Я был безумен, а поэтому видел намного дальше и намного глубже, чем обычно. Но я опоздал. Кана висела во дворе, на воротах, в назидание всем прочим врагам и союзникам Мстислава, вместе с изрубленными ведунами, охранявшими её.
Сняв любимую с ворот, обрубив ударом Кладенца веревку, обвившую нежную шею, я с собственной женой на руках шел по терему, выжигая любого, кто вставал на моём пути.
Мстислава я чувствовал. Он забился в погреб, и дико смердя страхом, молился своему Богу. Тщетно. Я был его Богом в этот момент.
Погибал он медленно и страшно, провариваясь, распадаясь по частям под дикий вой и плач сорванной глотки.

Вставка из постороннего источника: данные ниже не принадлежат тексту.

Lemma disjoint_Fminus : [disjoint Fm & Fp].
Proof. by rewrite disjoint_subset; apply/subsetP => S; rewrite !inE => /andP[]. Qed.

Lemma selZ_row_mx d e : (#|Fp| < d)%N -> selZ R Fp (d + e) = row_mx (selZ R Fp d) 0.
Proof.
move=> lt_Fd; apply/matrixP => j c; rewrite !mxE.
case: (split_ordP c) => c' ->; rewrite ?row_mxEl ?row_mxEr !mxE //=.
have := ltn_ord j => lt_jF.
by rewrite (_ : (d + c' == j.+1)%N = false) //; apply/negbTE/eqP; lia.
Qed.

Definition txmx : 'M[R]_(N, Q * J) := \matrix_(i, a) ((w i == kdiv a)%:R * X i (kmod a)).

Lemma chiLE : chiL w X = row_mx (rowsub w 1%:M) txmx.
Proof.
apply/matrixP => i c; rewrite mxE.
by case: (split_ordP c) => c' ->; rewrite ?row_mxEl ?row_mxEr !mxE.
Qed.

Lemma txmx_kron d (M : 'M[R]_(Q, d)) :
  txmx *m kron M 1%:M = \matrix_(i, b) (M (w i) (kdiv b) * X i (kmod b)).
Proof.
apply/matrixP => i b; rewrite !mxE.
pose F q j := (q == w i)%:R * ((j == kmod b)%:R * (M q (kdiv b) * X i j)).
rewrite (eq_bigr (fun a => F (kdiv a) (kmod a))) => [|a _]; last first.
  by rewrite /F !mxE [w i == _]eq_sym; ring.
rewrite sum_kron; under eq_bigr => q _ do rewrite -mulr_sumr sum_delta.
exact: sum_delta.
Qed.

(* Parametrises the common slopes [θ_{γ,1} = ... = θ_{γ,Q}] of model (F). *)
Definition stackI : 'M[R]_(Q * J, J) := \matrix_(a, j) (kmod a == j)%:R.

Lemma txmx_stackI : txmx *m stackI = X.
Proof.
apply/matrixP => i j; rewrite !mxE.
pose F q j' := (q == w i)%:R * ((j' == j)%:R * X i j').
rewrite (eq_bigr (fun a => F (kdiv a) (kmod a))) => [|a _]; last first.
  by rewrite /F !mxE [w i == _]eq_sym; ring.
rewrite sum_kron; under eq_bigr => q _ do rewrite -mulr_sumr sum_delta.
exact: (sum_delta (w i) (fun _ => X i j)).
Qed.

Lemma kron_stackI r (C : 'M[R]_(r, Q)) :
  C *m (const_mx 1 : 'cV_Q) = 0 -> kron C 1%:M *m stackI = 0.
Proof.
move=> C1; apply/matrixP => a j; rewrite !mxE.
pose F q j' := (j' == kmod a)%:R * ((j' == j)%:R * C (kdiv a) q).
rewrite (eq_bigr (fun b => F (kdiv b) (kmod b))) => [|b _]; last first.
  by rewrite /F !mxE [kmod a == _]eq_sym; ring.
rewrite sum_kron; under eq_bigr => q _ do rewrite sum_delta.
rewrite -mulr_sumr (_ : \sum_q C (kdiv a) q = 0) ?mulr0 //.
transitivity ((C *m (const_mx 1 : 'cV_Q)) (kdiv a) 0); last by rewrite C1 mxE.
by rewrite mxE; apply: eq_bigr => q _; rewrite mxE mulr1.
Qed.

Lemma trstackI_stackI : stackI^T *m stackI = Q%:R%:M.
Proof.
apply/matrixP => j j'; rewrite !mxE.
pose F (q : 'I_Q) j'' := (j'' == j)%:R * (j'' == j')%:R : R.
rewrite (eq_bigr (fun a => F (kdiv a) (kmod a))) => [|a _]; last by rewrite /F !mxE.
rewrite sum_kron; under eq_bigr => q _ do rewrite sum_delta.
by rewrite sumr_const card_ord; case: (j == j'); rewrite ?mul0rn.
Qed.

Definition cumsum_mx : 'M[R]_(Q, Q.-1) := \matrix_(q, r) (q <= r)%:R.

Lemma diffmx_cumsum_mx : Defs.diffmx R K *m cumsum_mx = 1%:M.
Proof.
apply/matrixP => r r'; rewrite !mxE.
under eq_bigr => q _ do rewrite !mxE mulrBl.
have lt_rQ : (r.+1 < Q)%N by have := ltn_ord r; lia.
rewrite sumrB !(sum_nat_delta (fun q => (q <= r')%:R)) //; last exact: ltnW.
case: ltngtP => [lt_rr'|lt_r'r|/val_inj->]; rewrite ?subrr ?eqxx ?subr0 //.
  by rewrite -val_eqE /= ltn_eqF.
by rewrite -val_eqE /= gtn_eqF.
Qed.

Lemma diffmx_one : Defs.diffmx R K *m const_mx 1 = 0 :> 'cV_Q.-1.
Proof.
apply/matrixP => r j; rewrite !mxE.
under eq_bigr => q _ do rewrite !mxE mulr1 -[(q == r :> nat)%:R]mulr1 -[(q == r.+1 :> nat)%:R]mulr1.
have lt_rQ : (r.+1 < Q)%N by have := ltn_ord r; lia.
by rewrite sumrB !(sum_nat_delta (fun _ => 1)) ?subrr // ltnW.
Qed.

Hypothesis Fp0 : set0 \notin Fp.

Lemma card_Fplus_Fminus : (1 + #|Fp| + #|Fm|)%N = Q.
Proof.
have -> : Fm = ~: (set0 |: Fp) by apply/setP => S; rewrite !inE negb_or.
have card_sets : #|{set 'I_K}| = Q by rewrite -cardsT -powersetT card_powerset cardsT card_ord.
by rewrite -card_sets -(cardsC (set0 |: Fp)) cardsU1 Fp0.
Qed.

Насытившись местью, чувствуя, что пылающий терем вот-вот обрушиться, похоронив меня под обломками, я совершил еще более невозможный поступок, перекинувшись в Рязанское княжество, в саму цитадель Ордена, во внутренний двор где с треснувшим и абсолютно чёрным кристаллом всё еще сжимал в руках горсть пепла, оставшуюся вместо тела любимой.
И здесь был враг. Невозбранной оставался только кремль, опоясывающий древнюю обсерваторию. Пригород, всё прочее пространство цитадели Ордена, обуяло пляшущее пламя, которое потешаясь над людским горем, длинными языками поднималось над стеной.

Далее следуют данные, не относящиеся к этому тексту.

Lemma chain_suffix p : forall z l x s y, chain z l y -> z :: l = p ++ x :: s -> chain x s y.
Proof.
  induction p as [|w p IH]; intros z l x s y Hc E; simpl in E; injection E as <- E.
  - now subst.
  - destruct p as [|u p]; simpl in E; subst l; destruct Hc as [_ Hc]; [exact Hc|].
    now apply (IH u (p ++ x :: s)).
Qed.

Lemma chain_shorten l : forall x y, chain x l y ->
  exists l', chain x l' y /\ NoDup (x :: l') /\ incl (x :: l') (x :: l).
Proof.
  induction l as [|z l IH]; intros x y Hc.
  - exists nil. split; [exact Hc|]. split; [repeat constructor; simpl; tauto | apply incl_refl].
  - destruct Hc as [Hxz Hc]. destruct (IH z y Hc) as (l1 & Hc1 & Hnd1 & Hinc1).
    destruct (classic (In x (z :: l1))) as [Hin|Hnin].
    + destruct (in_split x (z :: l1) Hin) as (p & s & E).
      exists s. split; [exact (chain_suffix p z l1 x s y Hc1 E)|].
      rewrite E in Hnd1. split; [exact (NoDup_app_remove_l _ _ Hnd1)|].
      intros w [<-|Hw]; [now left|]. right. apply Hinc1. rewrite E.
      apply in_or_app. now right; right.
    + exists (z :: l1). split; [now split|]. split; [now constructor|].
      intros w [<-|Hw]; [now left|]. right. now apply Hinc1.
Qed.

Lemma path_chain (f : nat -> V) :
  (forall n, rel (f n) (f (S n))) -> forall m, chain (f 0%nat) (map f (seq 1 m)) (f m).
Proof.
  intros Hf.
  enough (H : forall m k, chain (f k) (map f (seq (S k) m)) (f (k + m)%nat))
    by (intros m; exact (H m 0%nat)).
  induction m as [|m IH]; intros k; simpl.
  - now rewrite Nat.add_0_r.
  - split; [apply Hf|]. replace (k + S m)%nat with (S k + m)%nat by lia. apply IH.
Qed.

End Chains.

Section IntervalChains.
Context {V : Type} (a b : V -> R) (a_le_b : forall v, a v <= b v).

(* An upper bound for the length of the intersection of [a v, b v] with [al, be]. *)
Definition clipped_length (al be : R) (v : V) : R :=
  indicator (al <= b v /\ a v <= be) * Rmin (b v - a v) (be - al).

Lemma clipped_length_nonneg al be v : al <= be -> 0 <= clipped_length al be v.
Proof.
  intros H. apply Rmult_le_pos; [apply indicator_bounds|].
  apply Rmin_glb; generalize (a_le_b v); lra.
Qed.

Lemma clipped_length_antimono al al' be v :
  al <= al' <= be -> clipped_length al' be v <= clipped_length al be v.
Proof.
  intros H. unfold clipped_length.
  destruct (classic (al' <= b v /\ a v <= be)) as [h|h].
  - rewrite !indicator_T by lra. generalize (a_le_b v).
    unfold Rmin; destruct Rle_dec; destruct Rle_dec; lra.
  - rewrite (indicator_F _ h), Rmult_0_l. apply (clipped_length_nonneg al be v); lra.
Qed.

Lemma chain_covers_interval be l : forall x y,
  chain (fun u v => a v <= b u) x l y ->
  forall al, al <= be -> a x <= al -> be <= b y ->
  be - al <= lsum (clipped_length al be) (x :: l).
Proof.
  induction l as [|z l IH]; intros x y Hc al H1 H2 H3; rewrite lsum_cons.
  - simpl in Hc; subst y. rewrite lsum_nil. unfold clipped_length. rewrite indicator_T by lra.
    generalize (a_le_b x). unfold Rmin; destruct Rle_dec; lra.
  - destruct Hc as [Hz Hc].
    assert (Htail : 0 <= lsum (clipped_length al be) (z :: l)).
    { apply lsum_nonneg; intros; now apply clipped_length_nonneg. }
    destruct (Rle_lt_dec be (b x)) as [h|h]; [|destruct (Rle_lt_dec al (b x)) as [h2|h2]].
    + assert (clipped_length al be x = be - al); [|lra].
      unfold clipped_length. rewrite indicator_T by lra.
      generalize (a_le_b x). unfold Rmin; destruct Rle_dec; lra.
    + assert (b x - al <= clipped_length al be x).
      { unfold clipped_length. rewrite indicator_T by lra.
        generalize (a_le_b x). unfold Rmin; destruct Rle_dec; lra. }
      assert (be - b x <= lsum (clipped_length (b x) be) (z :: l)) by (apply (IH z y Hc); lra).
      assert (lsum (clipped_length (b x) be) (z :: l) <= lsum (clipped_length al be) (z :: l)).
      { apply lsum_le; intros; apply clipped_length_antimono; lra. }
      lra.
    + assert (be - al <= lsum (clipped_length al be) (z :: l)) by (apply (IH z y Hc); lra).
      assert (0 <= clipped_length al be x) by (apply clipped_length_nonneg; lra). lra.
Qed.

Как символ целой эпохи разбитых надежд, телескоп обсерватории был оплавлен и искореженной трубой, блестя остатками драгоценного стекла, мертвым, чёрным провалом смотрел в дневное небо.
Подняться по ступеням самостоятельно я уже не сумел, благо, что в абсолютно пустой обсерватории, случайным образом оказались несколько послушников, которые несли внутрь каменных помещений очередного раненного со стены, пораженного стрелой в ногу.
Именно они, следующим заходом, доставили меня в келью, уложив на чистые перины.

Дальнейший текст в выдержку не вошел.